Collected data entries
..........

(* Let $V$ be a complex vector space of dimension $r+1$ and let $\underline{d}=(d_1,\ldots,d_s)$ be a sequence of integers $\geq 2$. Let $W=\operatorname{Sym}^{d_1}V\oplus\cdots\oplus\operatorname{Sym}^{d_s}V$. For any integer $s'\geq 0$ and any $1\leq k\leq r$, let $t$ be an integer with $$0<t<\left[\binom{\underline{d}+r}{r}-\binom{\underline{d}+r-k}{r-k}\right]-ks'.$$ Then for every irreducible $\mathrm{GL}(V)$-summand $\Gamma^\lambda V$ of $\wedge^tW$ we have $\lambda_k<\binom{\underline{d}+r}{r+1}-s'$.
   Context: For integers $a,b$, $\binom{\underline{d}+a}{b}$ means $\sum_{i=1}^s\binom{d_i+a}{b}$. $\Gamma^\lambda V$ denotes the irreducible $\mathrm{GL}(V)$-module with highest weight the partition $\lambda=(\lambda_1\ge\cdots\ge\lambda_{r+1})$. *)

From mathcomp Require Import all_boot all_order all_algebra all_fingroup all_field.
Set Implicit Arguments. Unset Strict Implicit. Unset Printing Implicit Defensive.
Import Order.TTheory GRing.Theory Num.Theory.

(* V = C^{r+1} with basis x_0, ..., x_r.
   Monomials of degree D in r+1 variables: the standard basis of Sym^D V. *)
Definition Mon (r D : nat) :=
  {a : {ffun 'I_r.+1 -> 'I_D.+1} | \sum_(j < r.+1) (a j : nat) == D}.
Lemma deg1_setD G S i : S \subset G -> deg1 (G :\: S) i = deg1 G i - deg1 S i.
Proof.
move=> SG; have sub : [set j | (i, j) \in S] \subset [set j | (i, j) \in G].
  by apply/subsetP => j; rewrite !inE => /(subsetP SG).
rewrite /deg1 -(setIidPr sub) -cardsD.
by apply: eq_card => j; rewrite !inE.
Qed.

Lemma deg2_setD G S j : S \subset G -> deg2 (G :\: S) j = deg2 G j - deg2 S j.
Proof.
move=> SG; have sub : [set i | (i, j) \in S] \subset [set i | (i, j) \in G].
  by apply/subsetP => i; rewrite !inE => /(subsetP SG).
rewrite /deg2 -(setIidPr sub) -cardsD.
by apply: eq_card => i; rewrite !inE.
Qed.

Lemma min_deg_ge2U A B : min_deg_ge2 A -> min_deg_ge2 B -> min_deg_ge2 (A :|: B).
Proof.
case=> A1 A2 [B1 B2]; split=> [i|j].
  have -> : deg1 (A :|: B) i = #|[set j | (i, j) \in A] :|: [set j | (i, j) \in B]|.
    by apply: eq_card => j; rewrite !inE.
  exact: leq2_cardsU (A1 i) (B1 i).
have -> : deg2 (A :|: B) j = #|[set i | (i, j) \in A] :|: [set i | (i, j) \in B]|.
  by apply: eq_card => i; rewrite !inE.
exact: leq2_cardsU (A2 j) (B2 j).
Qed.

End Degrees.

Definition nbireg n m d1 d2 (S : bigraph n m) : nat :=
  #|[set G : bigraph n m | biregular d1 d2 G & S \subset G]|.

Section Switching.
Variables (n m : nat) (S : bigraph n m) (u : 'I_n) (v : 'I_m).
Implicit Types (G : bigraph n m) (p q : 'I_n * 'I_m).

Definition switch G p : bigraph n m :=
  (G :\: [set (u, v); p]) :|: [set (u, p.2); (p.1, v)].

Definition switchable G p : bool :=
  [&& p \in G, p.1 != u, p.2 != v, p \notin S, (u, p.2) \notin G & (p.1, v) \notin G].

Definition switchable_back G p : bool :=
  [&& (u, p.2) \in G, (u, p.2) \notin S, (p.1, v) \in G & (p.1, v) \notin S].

..........

TO DO:
Set down, unchanged, only those lines above that fall between the line with "Context: For integers" and the line with "have -> : deg1", the two end lines included.

EXERCISE OUTPUT:
   Context: For integers $a,b$, $\binom{\underline{d}+a}{b}$ means $\sum_{i=1}^s\binom{d_i+a}{b}$. $\Gamma^\lambda V$ denotes the irreducible $\mathrm{GL}(V)$-module with highest weight the partition $\lambda=(\lambda_1\ge\cdots\ge\lambda_{r+1})$. *)

From mathcomp Require Import all_boot all_order all_algebra all_fingroup all_field.
Set Implicit Arguments. Unset Strict Implicit. Unset Printing Implicit Defensive.
Import Order.TTheory GRing.Theory Num.Theory.

(* V = C^{r+1} with basis x_0, ..., x_r.
   Monomials of degree D in r+1 variables: the standard basis of Sym^D V. *)
Definition Mon (r D : nat) :=
  {a : {ffun 'I_r.+1 -> 'I_D.+1} | \sum_(j < r.+1) (a j : nat) == D}.
Lemma deg1_setD G S i : S \subset G -> deg1 (G :\: S) i = deg1 G i - deg1 S i.
Proof.
move=> SG; have sub : [set j | (i, j) \in S] \subset [set j | (i, j) \in G].
  by apply/subsetP => j; rewrite !inE => /(subsetP SG).
rewrite /deg1 -(setIidPr sub) -cardsD.
by apply: eq_card => j; rewrite !inE.
Qed.

Lemma deg2_setD G S j : S \subset G -> deg2 (G :\: S) j = deg2 G j - deg2 S j.
Proof.
move=> SG; have sub : [set i | (i, j) \in S] \subset [set i | (i, j) \in G].
  by apply/subsetP => i; rewrite !inE => /(subsetP SG).
rewrite /deg2 -(setIidPr sub) -cardsD.
by apply: eq_card => i; rewrite !inE.
Qed.

Lemma min_deg_ge2U A B : min_deg_ge2 A -> min_deg_ge2 B -> min_deg_ge2 (A :|: B).
Proof.
case=> A1 A2 [B1 B2]; split=> [i|j].
  have -> : deg1 (A :|: B) i = #|[set j | (i, j) \in A] :|: [set j | (i, j) \in B]|.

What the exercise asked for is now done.